> Work request
Below are the entries; count how many lines contain the word "Import" and reply with that number alone.
[Source information Boundary: Start]
(* Let $\{w^k\}$ be generated by the L-GADMM iteration and $\{\bar w^k\}$ be the auxiliary sequence. Then for every $k\ge0$, $$(\bar w^k-\bar w^{k+1})^\top Q\big\{(w^k-w^{k+1})-(\bar w^k-\bar w^{k+1})\big\}\ge0.$$
   Context: Standing setting. Let $m\ge 2$, $\ell$, $n_1,\dots,n_m$ be positive integers. For $i=1,\dots,m$ let $\theta_i:\mathbb{R}^{n_i}\to\mathbb{R}$ be convex, $\mathcal{X}_i\subseteq\mathbb{R}^{n_i}$ nonempty closed convex, $A_i\in\mathbb{R}^{\ell\times n_i}$ of full column rank, and $b\in\mathbb{R}^\ell$. Problem (P): $\min\{\sum_{i=1}^m\theta_i(x_i):\sum_{i=1}^mA_ix_i=b,\ x_i\in\mathcal{X}_i\}$, assumed to have a nonempty solution set. Write $u=(x_1,\dots,x_m)$, $w=(x_1,\dots,x_m,y)$ with $y\in\mathbb{R}^\ell$, $\theta(u)=\sum_i\theta_i(x_i)$, $F(w)=(-A_1^\top y,\dots,-A_m^\top y,\ \sum_iA_ix_i-b)$, $\mathcal{W}=\mathcal{X}_1\times\cdots\times\mathcal{X}_m\times\mathbb{R}^\ell$, and $\mathcal{W}^*=\{w^*\in\mathcal{W}:\theta(u)-\theta(u^* )+(w-w^* )^\top F(w^* )\ge0\ \forall w\in\mathcal{W}\}$ (nonempty). For symmetric $G$, $\|v\|_G^2:=v^\top Gv$; $\|\cdot\|$ is the Euclidean norm. Vectors are partitioned as $w=(R,x_m,y)$ with $R=(x_1,\dots,x_{m-1})$. Parameters: $\rho>0$, $\gamma\in(0,2)$, symmetric positive definite $P_i\in\mathbb{R}^{n_i\times n_i}$ ($i=1,\dots,m$) such that $G_1\succ0$, where $G_1$ is the symmetric block matrix with diagonal blocks $P_1,\dots,P_{m-1}$ and $(i,j)$ block $-\rho A_i^\top A_j$ for $i\ne j$, $1\le i,j\le m-1$. Matrices (w.r.t. the partition $(R,x_m,y)$): $Q=\begin{pmatrix}G_1&0&0\\0&\rho A_m^\top A_m+P_m&(1-\gamma)A_m^\top\\0&-A_m&\frac1\rho I_\ell\end{pmatrix}$, $M=\begin{pmatrix}I&0&0\\0&I_{n_m}&0\\0&-\rho A_m&\gamma I_\ell\end{pmatrix}$, $H=\begin{pmatrix}G_1&0&0\\0&P_m+\frac\rho\gamma A_m^\top A_m&\frac{1-\gamma}\gamma A_m^\top\\0&\frac{1-\gamma}\gamma A_m&\frac1{\gamma\rho}I_\ell\end{pmatrix}$, $N=Q^\top+Q-M^\top HM$. L-GADMM iteration: from an arbitrary $w^0=(x_1^0,\dots,x_m^0,y^0)\in\mathcal{W}$, for $k=0,1,2,\dots$: $x_j^{k+1}=\arg\min_{x_j\in\mathcal{X}_j}\{\theta_j(x_j)+\frac\rho2\|A_jx_j+\sum_{i=1,i\ne j}^mA_ix_i^k-b-\frac{y^k}\rho\|^2+\frac12\|x_j-x_j^k\|_{P_j}^2\}$ for $j=1,\dots,m-1$; $x_m^{k+1}=\arg\min_{x_m\in\mathcal{X}_m}\{\theta_m(x_m)+\frac\rho2\|\gamma\sum_{i=1}^{m-1}A_ix_i^{k+1}+(1-\gamma)(b-A_mx_m^k)+A_mx_m-b-\frac{y^k}\rho\|^2+\frac12\|x_m-x_m^k\|_{P_m}^2\}$; $y^{k+1}=y^k-\rho\big(\gamma\sum_{i=1}^{m-1}A_ix_i^{k+1}+(1-\gamma)(b-A_mx_m^k)+A_mx_m^{k+1}-b\big)$. Auxiliary sequence: $\bar w^k=(\bar x_1^k,\dots,\bar x_m^k,\bar y^k)$ with $\bar x_i^k=x_i^{k+1}$ ($i=1,\dots,m$) and $\bar y^k=y^k-\rho(\sum_{i=1}^{m-1}A_ix_i^{k+1}+A_mx_m^k-b)$; $\bar u^k=(\bar x_1^k,\dots,\bar x_m^k)$, $R^k=(x_1^k,\dots,x_{m-1}^k)$, $\bar R^k=(\bar x_1^k,\dots,\bar x_{m-1}^k)$. *)

From HB Require Import structures.
From mathcomp Require Import all_boot all_order all_algebra.
From mathcomp Require Import all_classical all_reals all_analysis.
Set Implicit Arguments. Unset Strict Implicit. Unset Printing Implicit Defensive.
Import Order.TTheory GRing.Theory Num.Theory.
Import numFieldNormedType.Exports.
Local Open Scope ring_scope.
Local Open Scope classical_set_scope.

Definition dotv (R : realType) (p : nat) (u v : 'cV[R]_p) : R := (u^T *m v) 0 0.

Definition sqnormG (R : realType) (p : nat) (G : 'M[R]_p) (v : 'cV[R]_p) : R :=
  dotv v (G *m v).

Definition sqnorm (R : realType) (p : nat) (v : 'cV[R]_p) : R := dotv v v.

Definition convex_fun (R : realType) (p : nat) (f : 'cV[R]_p -> R) : Prop :=
  forall (x y : 'cV[R]_p) (t : R), 0 <= t -> t <= 1 ->
    f (t *: x + (1 - t) *: y) <= t * f x + (1 - t) * f y.

Definition spd (R : realType) (p : nat) (P : 'M[R]_p) : Prop :=
  P^T = P /\ forall v : 'cV[R]_p, v != 0 -> 0 < sqnormG P v.

Definition lastIdx (m : nat) (hm : (0 < m)%N) : 'I_m :=
  Ordinal (m := m.-1) (n := m) (ltac:(rewrite ltn_predL; exact hm)).

Definition blk (R : realType) (m : nat) (n : 'I_m -> nat) :=
  forall i : 'I_m, 'cV[R]_(n i).

Definition Asum (R : realType) (m l : nat) (n : 'I_m -> nat)
  (A : forall i : 'I_m, 'M[R]_(l, n i)) (x : blk R n) : 'cV[R]_l :=
  \sum_(i < m) A i *m x i.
[Source information Boundary: End]
> Worked solution
5